ARLINGTON – In Stillaguamish Tribe folklore, tribal members used Quileute, a sacred and fragrant medicinal herb plucked from peat bogs near the river, to heal a variety of ailments and create a general state of well-being.
Stillaguamish tribal leaders celebrated the opening of a new methadone treatment and healing center with counseling services on Tuesday, accompanied by a blessing song from tribal drummers.
Keeping with their Native American customs, they christened the new facility Quileute, sometimes also known as Labrador tea.
“We thought it would be fitting to name the building in honor of that medicinal plant, and hope that the medicine will be helpful for those who attend this medical facility,” Tribal Chairman Shawn Yanity told the crowd of about 90 people.
The $14 million, two-story, 41,837-square-foot center is built on tribal trust land at 5700 172nd St. NE. It will provide outpatient services for those who report regularly for a dose of methadone, a synthetic opiate that helps people overcome drug addictions.
The building is a relocation of the Island Crossing Healing Center that the Tribe has operated at Highway 530 and Smokey Point Boulevard since 2003. At that time, it was one of only two tribal methadone clinics nationwide, but the first to open its doors to both Indian and non-Indian patients, Yanity said.
The new healing center officially opens on Tuesday. Basic services include outpatient medication-assisted treatment for opiate addicts through the use of methadone, augmented by a series of classes, counseling services and group therapy intended to help break the physical habits of taking pill or injecting opiates, and prevent clients from relapsing.

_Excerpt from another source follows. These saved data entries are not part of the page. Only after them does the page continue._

(* Let $F_1,\ldots,F_p$ be continuous univariate cumulative distribution functions and let $g:[0,1]^p\to\mathbb R$. If the map $\mathbf x\mapsto g(F_1(x_1),\ldots,F_p(x_p))$ is continuous on $[-\infty,\infty]^p$, then $g$ is continuous on $[0,1]^p$.
   Context: Cumulative distribution functions are extended to $[-\infty,\infty]$ by $F_j(-\infty)=0$, $F_j(+\infty)=1$. *)

From HB Require Import structures.
From mathcomp Require Import all_boot all_order all_algebra.
From mathcomp Require Import all_classical all_reals all_analysis.
Set Implicit Arguments. Unset Strict Implicit. Unset Printing Implicit Defensive.
Import Order.TTheory GRing.Theory Num.Theory numFieldNormedType.Exports.
Local Open Scope classical_set_scope.
Local Open Scope ring_scope.

Definition is_cdf (R : realType) (F : R -> R) : Prop :=
  [/\ {homo F : x y / x <= y},
      (forall x : R, F y @[y --> x^'+] --> F x),
      F x @[x --> -oo] --> (0 : R) &
      F x @[x --> +oo] --> (1 : R)].

Definition is_continuous_cdf (R : realType) (F : R -> R) : Prop :=
  is_cdf F /\ continuous F.

Definition cdf_ext (R : realType) (F : R -> R) (x : \bar R) : R :=
  match x with
  | EFin r => F r
  | +oo%E => 1
  | -oo%E => 0
  end.

From HB Require Import structures.
From mathcomp Require Import all_boot all_order all_algebra.
From mathcomp Require Import all_classical all_reals all_analysis.
Import Order.TTheory GRing.Theory Num.Theory numFieldNormedType.Exports.
Local Open Scope classical_set_scope.
Local Open Scope ring_scope.

(* The map x |-> (F_j (x_j))_j is continuous from the compact space
   [-oo, +oo]^p onto [0, 1]^p, surjective by the intermediate value theorem.
   A continuous map from a compact space to a Hausdorff space is closed, hence
   a quotient map onto its range, so continuity of g after it descends to g. *)

Lemma continuous_within_range (X Y Z : topologicalType) (phi : X -> Y)
    (g : Y -> Z) :
  compact [set: X] -> hausdorff_space Y -> continuous phi ->
  continuous (g \o phi) -> {within range phi, continuous g}.
Proof.
move=> Xc Yhaus phic gphic; apply/subspace_continuousP => _ [x0 _ <-] B.
rewrite nbhsE; case=> O [Oopen Ox0] OB.
pose C := ~` ((g \o phi) @^-1` O).
have Cc : compact C.
  apply: subclosed_compact Xc (@subsetT _ C).
  by rewrite closedC; apply: open_comp => // x _; exact: gphic.
have phiCclosed : closed (phi @` C).
  exact/(compact_closed Yhaus)/(continuous_compact _ Cc)/continuous_subspaceT.
have : nbhs (phi x0) (~` (phi @` C)).
  apply: open_nbhs_nbhs; split; first by rewrite openC.
  by move=> [x Cx /(congr1 g) gx]; apply: Cx; rewrite /= gx.
rewrite nbhs_simpl nbhs_filterE; apply: filterS => y notphiC [x _ phixy]; subst y.
by apply: OB; apply: contra_notP notphiC => Ogx; exists x.
Qed.

Lemma ptws_continuous (X : topologicalType) (I : Type) (T : topologicalType)
    (G : X -> {ptws I -> T}) :
  (forall i, continuous (fun x => G x i)) -> continuous G.
Proof.
by move=> hG x; apply/cvg_sup => i; exact: (continuous_comp_initial (hG i)).
Qed.

(* [-oo, +oo] is the image of [-1, 1] under [expand], an isometry for the
   metric |contract x - contract y| of the extended reals. *)
Lemma ereal_compact (R : realType) : compact [set: \bar R].
Proof.
have -> : [set: \bar R] = @expand R @` `[-1, 1].
  apply/seteqP; split => [x _|//]; exists (contract x); last exact: contractK.
  by rewrite /= in_itv /= -ler_norml contract_le1.
apply: continuous_compact; last exact: segment_compact.
apply/subspace_continuousP => r; rewrite /= in_itv /= -ler_norml => r1.
apply/cvg_ballP => e e0; rewrite near_withinE; near=> s => /=.
rewrite in_itv /= -ler_norml => s1.
by rewrite /ball /= /ereal_ball !expandK ?inE.
Unshelve. all: by end_near.
Qed.

Lemma ereal_ptws_compact (R : realType) (I : eqType) :
  compact [set: {ptws I -> \bar R}].
Proof.
have := tychonoff (fun _ : I => @ereal_compact R).
by congr compact; apply/seteqP.
Qed.

Lemma cdf_ext_continuous {R : realType} {F : R -> R} :
  is_continuous_cdf F -> continuous (cdf_ext F).
Proof.
move=> [[_ _ F0 F1] Fc] [r| |] B /= FB; rewrite nbhs_simpl /=.
- exact/nbhs_EFin/Fc.
- by apply/nbhs_ereal_pinfty; split; [exact: nbhs_singleton FB|exact: F1].
- by apply/nbhs_ereal_ninfty; split; [exact: nbhs_singleton FB|exact: F0].
Qed.

Lemma cdf_ge0 {R : realType} {F : R -> R} (x : R) : is_cdf F -> 0 <= F x.
Proof.
move=> [Fhomo _ F0 _]; apply: cvgr_to_le F0 _.
by apply: filterS (nbhs_ninfty_le (num_real x)) => y; exact: Fhomo.
Qed.

Lemma cdf_le1 {R : realType} {F : R -> R} (x : R) : is_cdf F -> F x <= 1.
Proof.
move=> [Fhomo _ _ F1]; apply: cvgr_to_ge F1 _.
by apply: filterS (nbhs_pinfty_ge (num_real x)) => y; exact: Fhomo.
Qed.

Lemma cdf_ext_onto {R : realType} {F : R -> R} (t : R) :
  is_continuous_cdf F -> 0 <= t <= 1 -> exists x, cdf_ext F x = t.
Proof.
move=> [[Fhomo _ F0 F1] Fc]; rewrite !le_eqVlt => /andP[/predU1P[<-|t0]].
  by move=> _; exists -oo%E.
case/predU1P => [->|t1]; first by exists +oo%E.
have [a Fa] : exists a, F a < t.
  exact: filter_ex (cvgr_lt _ F0 _ t0).
have [b Fb] : exists b, t < F b.
  exact: filter_ex (cvgr_gt _ F1 _ t1).
have ab : a <= b.
  by rewrite leNgt; apply/negP => /ltW/Fhomo; rewrite leNgt (lt_trans Fa Fb).
have Fab : F a <= F b := Fhomo _ _ ab.
have t_between : Num.min (F a) (F b) <= t <= Num.max (F a) (F b).
  by rewrite (min_l Fab) (max_r Fab) !ltW.
have [c _ <-] := IVT ab (continuous_subspaceT Fc) t_between.
by exists c%:E.
Qed.

Section cdf_product.
Context {R : realType} {I : eqType} {F : I -> R -> R}.
Hypothesis hF : forall i, is_continuous_cdf (F i).

Definition cdf_ptws (x : {ptws I -> \bar R}) : {ptws I -> R} :=
  fun i => cdf_ext (F i) (x i).

Lemma cdf_ptws_continuous : continuous cdf_ptws.
Proof.
apply: ptws_continuous => i x.
have := continuous_comp (@proj_continuous _ (fun=> \bar R) i x)
  (cdf_ext_continuous (hF i) (x i)).
exact.
Qed.

Lemma range_cdf_ptws : range cdf_ptws = [set u | forall i, 0 <= u i <= 1].
Proof.
apply/seteqP; split => [_ [x _ <-] i|u u01].
  have [Fcdf _] := hF i.
  rewrite /cdf_ptws; case: (x i) => [r||] /=.
  - by rewrite (cdf_ge0 _ Fcdf) (cdf_le1 _ Fcdf).
  - by rewrite ler01 lexx.
  - by rewrite lexx ler01.
have [x hx] := choice (fun i => cdf_ext_onto _ (hF i) (u01 i)).
by exists x => //; apply: funext => i; exact: hx.
Qed.

End cdf_product.

Theorem lemma4p1 (R : realType) (p : nat) (F : 'I_p -> R -> R)
  (hF : forall j, is_continuous_cdf (F j))
  (g : {ptws 'I_p -> R} -> R)
  (hcont : continuous (fun x : {ptws 'I_p -> \bar R} =>
             g ((fun j => cdf_ext (F j) (x j)) : {ptws 'I_p -> R}))) :
  {within [set u : {ptws 'I_p -> R} | forall j, 0 <= u j <= 1], continuous g}.
Proof.
rewrite -(range_cdf_ptws hF).
apply: continuous_within_range (ereal_ptws_compact _ _) _
  (cdf_ptws_continuous hF) hcont.
by apply: hausdorff_product => _; exact: Rhausdorff.
Qed.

The center will start with 35 employees, but could almost double as demand for services dictates, officials said.
Kelly Campbell, director of Behavioral Health Programs, said the center will serve about 750 patients when it opens, with a likely increase to 900.
With 10 meeting rooms, clinical supervisor Jackie Roth said staff will now be able to offer more educational training, relapse prevention groups sub-divided by social support for women only or co-ed, and a contemplation track that can either put clients on the methadone outpatient program or a six-week “turning point” program.
The center’s clientele are predominantly women and non-native, so Roth and Campbell are working to launch a child drop-off room at the center where kids can be supervised when a parent or guardian is dosing or receiving counseling.
Campbell said the center is also talking with state officials to look into offering primary care in the future.
Jeremy Smith, Stillaguamish Tribe facilities manager, said he is impressed with the main check-in area’s six automatically closing soundproof stalls that offer clients and docents privacy. He said the previous center’s activities made those connections a challenge.
Yanity said when the Stillaguamish opened the original center, Snohomish County had more than 2,000 people ordered by the courts to undergo drug treatment, with only two facilities in the region at the time, which had the resources to serve 350 clients. Yanity explained that’s why the Tribe stepped forward to support its own people and others battling addiction.
From the main entrance, the new center consists of intake, outpatient assessment and services on the first floor, with support staff and administrative offices on the second. The south wing has a separate entrance and will house the Behavioral Health Program’s drug treatment program, which currently runs in a separate office building within view to the east on 59th.
Everett-based contractor Gaffney Construction built the facility with similar design concepts used for the Stillaguamish Tribe Administrative Building project in 2016 and community center a year earlier. Smith said the Stillaguamish wanted to create a uniform theme throughout its buildings that reflects the tribe’s identity.
To that end, the exterior uses earthy tones, stonework, wood and pillars reminiscent of a tribal longhouse, while inside contains open-air ceilings for natural lighting, and with tribal artifacts, paddles and photo images of canoeing that connote a journey.
“Our culture is very healing,” Yanity said. “We don’t want this to be a doctor facility. We want people to be able to come in and be comforted.”
Heroin use has reached crisis proportions in the county. Health district statistics, from 2011-2015, show there were 732 opioid-related deaths in the five-county north sound region; Snohomish County accounted for 545 with Whatcom the next closest with 77 deaths. The Stillaguamish clinic is one of only three methadone clinics in Snohomish County, and the only one between the north county and the U.S.-Canada border, with some clients driving from Bellingham and Blaine daily for treatment. The Swinomish Indian Tribe wellness center expanded its treatment services and began serving the public last November.
Despite some people who believe that the methadone clinic will draw people to the region, Yanity said: “They’re already here. We’ve got to give them some options. We’ve seen the success with people coming through the program, where they’re able to function back in a job, back in the community.”